In 1962 Cuba, MiG Pilots Posed as Tractor Operators

In the tense days before the U.S.-Soviet missile crisis, secrecy was everything.

A ground crew muscles a MiG-21 after a mission.

A ground crew muscles a MiG-21 after a mission.

While working on an upcoming story, I was alerted to Sergey Isaev’s research on the transfer of MiG-21s (and MiG-15 trainers, along with air and ground crews) from the Soviet 32nd Air Guards Fighter Regiment to Cuba in 1962. The deployment coincided with the placement of Soviet ballistic missiles on the Caribbean island, which prompted the Cuban missile crisis in October of that year.

Isaev’s father, Mikhail, was one of the MiG crewman. He had steamed across the Atlantic aboard the Nikolayevsk, part of a flotilla of vessels transporting the men, a few nurses, and their aircraft to Cuba.

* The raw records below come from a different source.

Lemma vertex_cases (x : V) :
  [\/ exists2 i, i <= k0.*2 & x = va i, x = hub0,
      exists2 i, i <= k1.*2 & x = vb i | x = hub1].
Proof.
case: x => [[i|]|[i|]]; [apply: Or41 | apply: Or42 | apply: Or43 | apply: Or44] => //.
  by exists i; rewrite /va ?inord_val // -ltnS.
by exists i; rewrite /vb ?inord_val // -ltnS.
Qed.

Lemma va_eq i j : i <= k0.*2 -> j <= k0.*2 -> (va i == va j) = (i == j).
Proof.
move=> le_i le_j; apply/eqP/eqP => [eq_ij|-> //].
have := congr1 (fun x : V => if x is inl (Some a) then val a else 0) eq_ij.
by rewrite /= !inordK_le.
Qed.

Lemma dhb_adj_sym : symmetric adj.
Proof. by move=> [[i|]|[i|]] [[j|]|[j|]] //=; rewrite /hb_adj orbC. Qed.

Lemma dhb_crossE (a : hbV k0) (b : hbV k1) : dhb_cross a b =
  match a, b with
  | Some i, Some j => (i == k0.*2 :> nat) && (j == k1.*2 :> nat)
  | Some i, None => i == 0 :> nat
  | None, Some j => j == 0 :> nat
  | None, None => true
  end.
Proof.
by case: a => [i|]; case: b => [j|];
  rewrite /dhb_cross /hb_hub /hb_v /hb_u ?(inj_eq Some_inj) ?andbF ?orbF ?andbT.
Qed.

Lemma va_nbr i y : i <= k0.*2 -> adj (va i) y ->
  [\/ y = va i.+1 /\ i < k0.*2, y = va i.-1 /\ 0 < i, y = hub0 /\ ~~ odd i,
      y = hub1 /\ i = 0 | y = vb k1.*2 /\ i = k0.*2].
Proof.
move=> le_i; case: (vertex_cases y) => [[j le_j ->]|->|[j le_j ->]|->];
  rewrite /= ?dhb_crossE /hb_adj ?inordK_le //.
- by case/orP=> /eqP E; [apply: Or51 | apply: Or52]; rewrite -E; split=> //; lia.
- by move=> ev_i; apply: Or53.
- by case/andP=> /eqP-> /eqP->; apply: Or55.
- by move/eqP->; apply: Or54.
Qed.

Lemma vb_nbr i y : i <= k1.*2 -> adj (vb i) y ->
  [\/ y = vb i.+1 /\ i < k1.*2, y = vb i.-1 /\ 0 < i, y = hub1 /\ ~~ odd i,
      y = hub0 /\ i = 0 | y = va k0.*2 /\ i = k1.*2].
Proof.
move=> le_i; case: (vertex_cases y) => [[j le_j ->]|->|[j le_j ->]|->];
  rewrite /= ?dhb_crossE /hb_adj ?inordK_le //.
- by case/andP=> /eqP-> /eqP->; apply: Or55.
- by move/eqP->; apply: Or54.
- by case/orP=> /eqP E; [apply: Or51 | apply: Or52]; rewrite -E; split=> //; lia.
- by move=> ev_i; apply: Or53.
Qed.

Lemma hub0_nbr y : adj hub0 y ->
  [\/ exists2 j, j <= k0.*2 & y = va j /\ ~~ odd j, y = hub1 | y = vb 0].
Proof.
case: (vertex_cases y) => [[j le_j ->]|->|[j le_j ->]|->]; rewrite /= ?dhb_crossE ?inordK_le //.
- by move=> ev_j; apply: Or31; exists j.
- by move/eqP->; apply: Or33.
- by move=> _; apply: Or32.
Qed.

Lemma hub1_nbr y : adj hub1 y ->
  [\/ exists2 j, j <= k1.*2 & y = vb j /\ ~~ odd j, y = hub0 | y = va 0].
Proof.
case: (vertex_cases y) => [[j le_j ->]|->|[j le_j ->]|->]; rewrite /= ?dhb_crossE ?inordK_le //.
- by move/eqP->; apply: Or33.
- by move=> _; apply: Or32.
- by move=> ev_j; apply: Or31; exists j.
Qed.

Lemma adj_va_succ i : i < k0.*2 -> adj (va i) (va i.+1).
Proof. by move=> lt_i; rewrite /= /hb_adj !inordK_le ?eqxx // ltnW. Qed.

Lemma adj_vb_succ i : i < k1.*2 -> adj (vb i) (vb i.+1).
Proof. by move=> lt_i; rewrite /= /hb_adj !inordK_le ?eqxx // ltnW. Qed.

Lemma adj_hub0_va i : i <= k0.*2 -> ~~ odd i -> adj hub0 (va i).
Proof. by move=> le_i; rewrite /= inordK_le. Qed.

Lemma adj_hub1_vb i : i <= k1.*2 -> ~~ odd i -> adj hub1 (vb i).
Proof. by move=> le_i; rewrite /= inordK_le. Qed.

Lemma adj_hub0_hub1 : adj hub0 hub1. Proof. by []. Qed.

Lemma adj_corners_v : adj (va k0.*2) (vb k1.*2).
Proof. by rewrite /= dhb_crossE !inordK_le ?eqxx. Qed.

Lemma adj_va0_hub1 : adj (va 0) hub1.
Proof. by rewrite /= dhb_crossE inordK_le. Qed.

Lemma adj_hub0_vb0 : adj hub0 (vb 0).
Proof. by rewrite /= dhb_crossE inordK_le. Qed.

Definition side0 (x : V) : bool := if x is inl _ then true else false.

All the Soviet military passengers were dressed in civilian clothes.

Col Nikolay Shibanov and a youthful Raul Castro

Col. Nikolay Shibanov and a youthful Raul Castro.

According to Sergey Isaev’s account:

All “passengers” were gathered for instructions. The representative drew a picture of “the political moment” and said: ‘ “Comrades, you are here not military servicemen; you are agricultural workers, tractor operators, agriculturists, in no way you here belong to the military service. Remember it!” Therefore, we have turned to “tractor operators”.’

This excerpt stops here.